Friday, September 23, 2011

Pity about your surplus - the Reserve's shocking year

Of course now that the dollar's falling again...

Australia's Reserve Bank lost $4.9 billion in the financial year just ended - its second straight loss as its overseas assets were devalued by the rising Australian dollar.

For the second year running the government will receive no dividend from the Bank after getting an outsized $6 billion, paid over two successive financial years, from the Bank’s performance in 2008-09.

The missing dividend will weigh heavily on the Commonwealth budget which had forecast a paper-thin surplus of $3.5 billion in 2012-13.

The annual report says the losses will be absorbed by the Bank’s Reserve Fund - a buffer that allows the Bank to maintain a strong financial position.

“Nonetheless, the prudent course will be to apply future earnings to rebuilding the Fund before the resumption of dividend payments,” governor Stevens says in the report. “The government’s budget projections have been made on this assumption.”

The Bank holds $40 billion of overseas securities, almost all of which were devalued. Around 19 per cent were in US bonds, buffeted by the decision of Standard & Poor’s to downgrade US government debt from AAA to AA+. The Bank said the downgrade had had “no material impact” on its financial position.

The Bank has a substantial exposure to securities in the troubled Euro zone, including those of Germany, France and the Netherlands.

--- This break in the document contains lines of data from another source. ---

(* Let $\Delta$ be a quasi-tree on $[n]$ of dimension $d-1$, and let $2\leq\ell\leq d-1$. For $k\ge1$ let $I_k\subset K[x_1,\ldots,x_n]$ be the ideal generated by the monomials $x_F=\prod_{i\in F}x_i$ with $F\subseteq[n]$, $|F|=k+1$, $F\notin\Delta$ (the facet ideal of $\overline{\mathrm{skel}_\Delta(k)}$). Then $I_\ell$ is generated by all squarefree monomials $u$ of degree $\ell+1$ that are divisible by some monomial generator of $I_1$.
   Context: A simplicial complex on $[n]$ is a collection of subsets of $[n]$ containing all singletons and closed under taking subsets; facets are maximal faces. A facet $F$ is a leaf if either it is the only facet, or there is a facet $G\neq F$ with $H\cap F\subseteq G\cap F$ for every facet $H\neq F$. A complex is a quasi-tree if its facets can be labeled $F_1,\ldots,F_m$ so that each $F_i$ is a leaf of the complex generated by $F_1,\ldots,F_i$. $\mathrm{skel}_\Delta(k)$ is the complex whose facets are the $k$-dimensional faces of $\Delta$, and $\bar\Gamma$ for a pure $(e-1)$-dimensional $\Gamma$ is the complex generated by the $e$-subsets of $[n]$ not in $\Gamma$. *)

From HB Require Import structures.
From mathcomp Require Import all_boot all_order all_algebra.
From mathcomp Require Import mpoly.
Set Implicit Arguments. Unset Strict Implicit. Unset Printing Implicit Defensive.
Import GRing.Theory.
Local Open Scope ring_scope.

Definition is_complex (n : nat) (D : {set {set 'I_n}}) : Prop :=
  (forall i : 'I_n, [set i] \in D) /\
  (forall F G : {set 'I_n}, F \in D -> G \subset F -> G \in D).

Definition is_facet (n : nat) (D : {set {set 'I_n}}) (F : {set 'I_n}) : bool :=
  (F \in D) && [forall G in D, (F \subset G) ==> (G == F)].

Definition facets (n : nat) (D : {set {set 'I_n}}) : {set {set 'I_n}} :=
  [set F | is_facet D F].

(* dimension of D is (max face size) - 1; we record the max face size *)
Definition max_face_size (n : nat) (D : {set {set 'I_n}}) : nat :=
  \max_(F in D) #|F|.

Definition is_leaf (n : nat) (Fs : seq {set 'I_n}) (F : {set 'I_n}) : Prop :=
  F \in Fs /\
  ((forall H, H \in Fs -> H = F) \/
   (exists G, [/\ G \in Fs, G != F &
      forall H, H \in Fs -> H != F -> H :&: F \subset G :&: F])).

(* quasi-tree: facets can be ordered F_1..F_m with F_i a leaf of the complex
   generated by F_1..F_i (whose facets are exactly F_1..F_i). *)
Definition quasi_tree (n : nat) (D : {set {set 'I_n}}) : Prop :=
  exists s : seq {set 'I_n},
    uniq s /\ (forall F, F \in s = (F \in facets D)) /\
    (forall i, (i < size s)%N -> is_leaf (take i.+1 s) (nth set0 s i)).

Definition xF (K : comNzRingType) (n : nat) (F : {set 'I_n}) : {mpoly K[n]} :=
  \prod_(i in F) 'X_i.

Definition in_ideal (R : comNzRingType) (S : R -> Prop) (p : R) : Prop :=
  exists s : seq (R * R), (forall c, c \in s -> S c.2) /\
    p = \sum_(c <- s) c.1 * c.2.

Definition gens_I (K : comNzRingType) (n : nat) (D : {set {set 'I_n}}) (k : nat)
  (p : {mpoly K[n]}) : Prop :=
  exists F : {set 'I_n}, [/\ #|F| = k.+1, F \notin D & p = xF K F].

Definition gens_J (K : comNzRingType) (n : nat) (D : {set {set 'I_n}}) (l : nat)
  (u : {mpoly K[n]}) : Prop :=
  exists F : {set 'I_n}, [/\ #|F| = l.+1, u = xF K F &
    exists g, gens_I D 1 g /\ exists q : {mpoly K[n]}, u = q * g].

From HB Require Import structures.
From mathcomp Require Import all_boot all_order all_algebra.
From mathcomp Require Import mpoly.
Set Implicit Arguments. Unset Strict Implicit. Unset Printing Implicit Defensive.
Import GRing.Theory.
Local Open Scope ring_scope.

(* Quasi-trees are flag complexes.  Peel the facets off in leaf order: if the
   pairs of S are covered by facets but S does not lie in the last leaf F,
   then some x of S is outside F, the facet covering {x, y} for y in S :&: F
   is another facet, so S :&: F lies in the branch G of F, and the pairs
   covered by F are already covered by G.  Hence every minimal non-face is an
   edge, so a non-face F of size l+1 contains a non-edge {x, y} and x_F is a
   multiple of x_{x,y}.  Conversely a squarefree x_F divisible by x_G has
   G \subset F, and supersets of non-faces are non-faces. *)

Section FlagQuasiTree.
Variable n : nat.
Implicit Types (Fs : seq {set 'I_n}) (S F G : {set 'I_n}).

Definition covers_pairs Fs S :=
  forall x y, x \in S -> y \in S -> exists2 H, H \in Fs & [set x; y] \subset H.

Lemma covers_pairs_leaf Fs F S :
  is_leaf (rcons Fs F) F -> covers_pairs (rcons Fs F) S ->
  S \subset F \/ covers_pairs Fs S.
Proof.
move=> [_ [only_F | [G [GFs GF Gbranch]]]] Scov.
  left; apply/subsetP => x xS; have [H /only_F -> ] := Scov x x xS xS.
  by move/subsetP; apply; rewrite !inE eqxx.
have [SF|/subsetPn [x xS xF]] := boolP (S \subset F); first by left.
right; have G_Fs : G \in Fs by move: GFs; rewrite mem_rcons inE (negbTE GF).
have SF_G : S :&: F \subset G.
  apply/subsetP => y /setIP [yS yF]; have [H HFs xyH] := Scov x y xS yS.
  have xH : x \in H by apply: (subsetP xyH); rewrite !inE eqxx.
  have HF : H != F by apply: contraNneq xF => <-.
  have /subsetP/(_ y) := Gbranch H HFs HF.
  rewrite !inE yF (subsetP xyH) ?inE ?eqxx ?orbT // => /(_ isT).
  by case/andP.
move=> a b aS bS; have [H] := Scov a b aS bS.
rewrite mem_rcons inE => /orP [/eqP -> abF | HFs abH]; last by exists H.
exists G => //; apply/subsetP => z zab; apply: (subsetP SF_G).
by rewrite inE (subsetP abF) // andbT; case/set2P: zab => ->.
Qed.

Lemma leaf_order_covers_pairs (s : seq {set 'I_n}) :
  (forall i, (i < size s)%N -> is_leaf (take i.+1 s) (nth set0 s i)) ->
  forall i S, (i <= size s)%N -> S != set0 -> covers_pairs (take i s) S ->
  exists2 H, H \in take i s & S \subset H.
Proof.
move=> leaves; elim=> [|i IH] S le_i_s /set0Pn [x xS] Scov.
  by have [H] := Scov x x xS xS; rewrite take0.
have take_rcons : take i.+1 s = rcons (take i s) (nth set0 s i).
  exact: take_nth.
have := leaves i le_i_s; rewrite take_rcons in Scov *.
move=> /covers_pairs_leaf/(_ Scov) [SF | Scov'].
  by exists (nth set0 s i); rewrite // mem_rcons mem_head.
have [|H HFs SH] := IH S (ltnW le_i_s) _ Scov'; first by apply/set0Pn; exists x.
by exists H; rewrite // mem_rcons inE HFs orbT.
Qed.

Lemma face_in_facet (D : {set {set 'I_n}}) A :
  A \in D -> exists2 F, F \in facets D & A \subset F.
Proof.
move=> AD; have AA : A \in [pred F | (F \in D) && (A \subset F)].
  by rewrite inE AD subxx.
have [F /andP [FD AF] Fmax] := arg_maxnP (fun F : {set 'I_n} => #|F|) AA.
exists F => //; rewrite inE /is_facet FD /=.
apply/forall_inP => G GD; apply/implyP => FG.
rewrite eq_sym eqEcard FG /=; apply: Fmax.
by apply/andP; split; last exact: subset_trans AF FG.
Qed.

Lemma quasi_tree_flag (D : {set {set 'I_n}}) S :
  is_complex D -> quasi_tree D -> S != set0 ->
  (forall x y, x \in S -> y \in S -> [set x; y] \in D) -> S \in D.
Proof.
move=> [_ D_closed] [s [_ [s_facets leaves]]] SN edgesD.
have Scov : covers_pairs (take (size s) s) S.
  move=> x y xS yS; have [F Ffacet xyF] := face_in_facet (edgesD x y xS yS).
  by exists F; rewrite // take_size s_facets.
have [F] := leaf_order_covers_pairs leaves (leqnn _) SN Scov.
by rewrite take_size s_facets inE => /andP [FD _]; apply: D_closed.
Qed.

Lemma nonface_has_nonedge (D : {set {set 'I_n}}) F :
  is_complex D -> quasi_tree D -> F != set0 -> F \notin D ->
  exists x y, [/\ x \in F, y \in F & [set x; y] \notin D].
Proof.
move=> Dc Dq FN FD.
have : ~~ [forall x in F, forall y in F, [set x; y] \in D].
  apply: contra FD => /forall_inP edgesD; apply: quasi_tree_flag => // x y xF.
  by move/forall_inP: (edgesD x xF); apply.
by case/forall_inPn => x xF /forall_inPn [y yF xyD]; exists x, y.
Qed.

End FlagQuasiTree.

Section SquarefreeMonomials.
Variables (K : comNzRingType) (n : nat).
Implicit Types (F G : {set 'I_n}).

Lemma xF_setDM F G : G \subset F -> xF K (F :\: G) * xF K G = xF K F.
Proof.
move=> GF; rewrite /xF [RHS](big_setID G) /= mulrC.
by rewrite (setIidPr GF).
Qed.

(* Evaluate at the point that is 0 at i and 1 elsewhere, for i in G but not F. *)
Lemma xF_dvd_subset F G (q : {mpoly K[n]}) : xF K F = q * xF K G -> G \subset F.
Proof.
move=> xFE; apply/subsetP => i iG; apply/negPn/negP => iF.
pose v j : K := if j == i then 0 else 1.
have := congr1 (meval v) xFE; rewrite mevalM /xF.
rewrite !(big_morph (meval v) (mevalM v) (meval1 v)).
rewrite (bigD1 i iG) /= mevalXU /v eqxx mul0r mulr0 big1.
  by move/eqP; rewrite oner_eq0.
by move=> j jF; rewrite mevalXU; case: eqP => // ji; rewrite -ji jF in iF.
Qed.

End SquarefreeMonomials.

Lemma in_ideal_mono (R : comNzRingType) (S1 S2 : R -> Prop) p :
  (forall g, S1 g -> S2 g) -> in_ideal S1 p -> in_ideal S2 p.
Proof. by move=> S12 [s [sS1 ->]]; exists s; split => // c /sS1 /S12. Qed.

Lemma gens_I_gens_J (K : comNzRingType) n (D : {set {set 'I_n}}) l g :
  is_complex D -> quasi_tree D -> gens_I (K := K) D l g -> gens_J D l g.
Proof.
move=> Dc Dq [F [cardF FD ->]].
have FN : F != set0 by rewrite -card_gt0 cardF.
have [x [y [Fx Fy xyD]]] := nonface_has_nonedge Dc Dq FN FD.
have xy : x != y.
  by apply: contraNneq xyD => ->; rewrite setUid; case: Dc.
exists F; split => //; exists (xF K [set x; y]); split.
  by exists [set x; y]; rewrite cards2 xy.
exists (xF K (F :\: [set x; y])); rewrite xF_setDM //.
by apply/subsetP => z /set2P [] ->.
Qed.

Lemma gens_J_gens_I (K : comNzRingType) n (D : {set {set 'I_n}}) l g :
  is_complex D -> gens_J (K := K) D l g -> gens_I D l g.
Proof.
move=> [_ D_closed] [F [cardF -> [_ [[G [_ GD ->]] [q xFE]]]]].
exists F; split => //; apply: contra GD => FD.
exact: D_closed FD (xF_dvd_subset xFE).
Qed.

Theorem lemma4p3 (K : fieldType) (n : nat) (D : {set {set 'I_n}}) (d l : nat) :
  is_complex D -> quasi_tree D -> max_face_size D = d ->
  (2 <= l)%N -> (l <= d - 1)%N ->
  forall p : {mpoly K[n]},
    in_ideal (gens_I D l) p <-> in_ideal (gens_J D l) p.
Proof.
move=> Dc Dq _ _ _ p; split; apply: in_ideal_mono => g.
- exact: gens_I_gens_J.
- exact: gens_J_gens_I.
Qed.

It does not quantify the exposure.

The Reserve Bank's polymer bank-note maker Securency, which has faced two years of federal police investigations over allegations it bribed officials overseas to win contracts, made only a $2 million after tax profit in 2010-11, down from a $24 million the previous year and $172 million the year before that.

Securency and another Reserve Bank firm, Note Printing Australia are listed to appear at the Melbourne Magistrates Court today... along with eight former senior executives of the firms who are facing a range of bribery charges.

Governor Glenn Stevens, Australia’s highest paid public servant, received another pay rise of 3.7 per cent in the past financial year, taking his salary to $834,200 and his total remuneration to $1.08 million.

In August Treasurer Wayne Swan stripped the Bank board of its ability to set future governor's pay after discovering it had boosted Mr Stevens’ pay by one quarter of a million dollars during the financial crisis. Future governors will have their pay range set by the Remuneration Tribunal.

The annual report reveals the bank paid $60,000 to PricewaterhouseCoopers for “remuneration benchmarking” and $25,000 to Cato Council for “advice on public communication”.

The Bank intervened little in the foreign exchange market during the year, describing 2010-11 as “less unusual than the preceding two or three years”.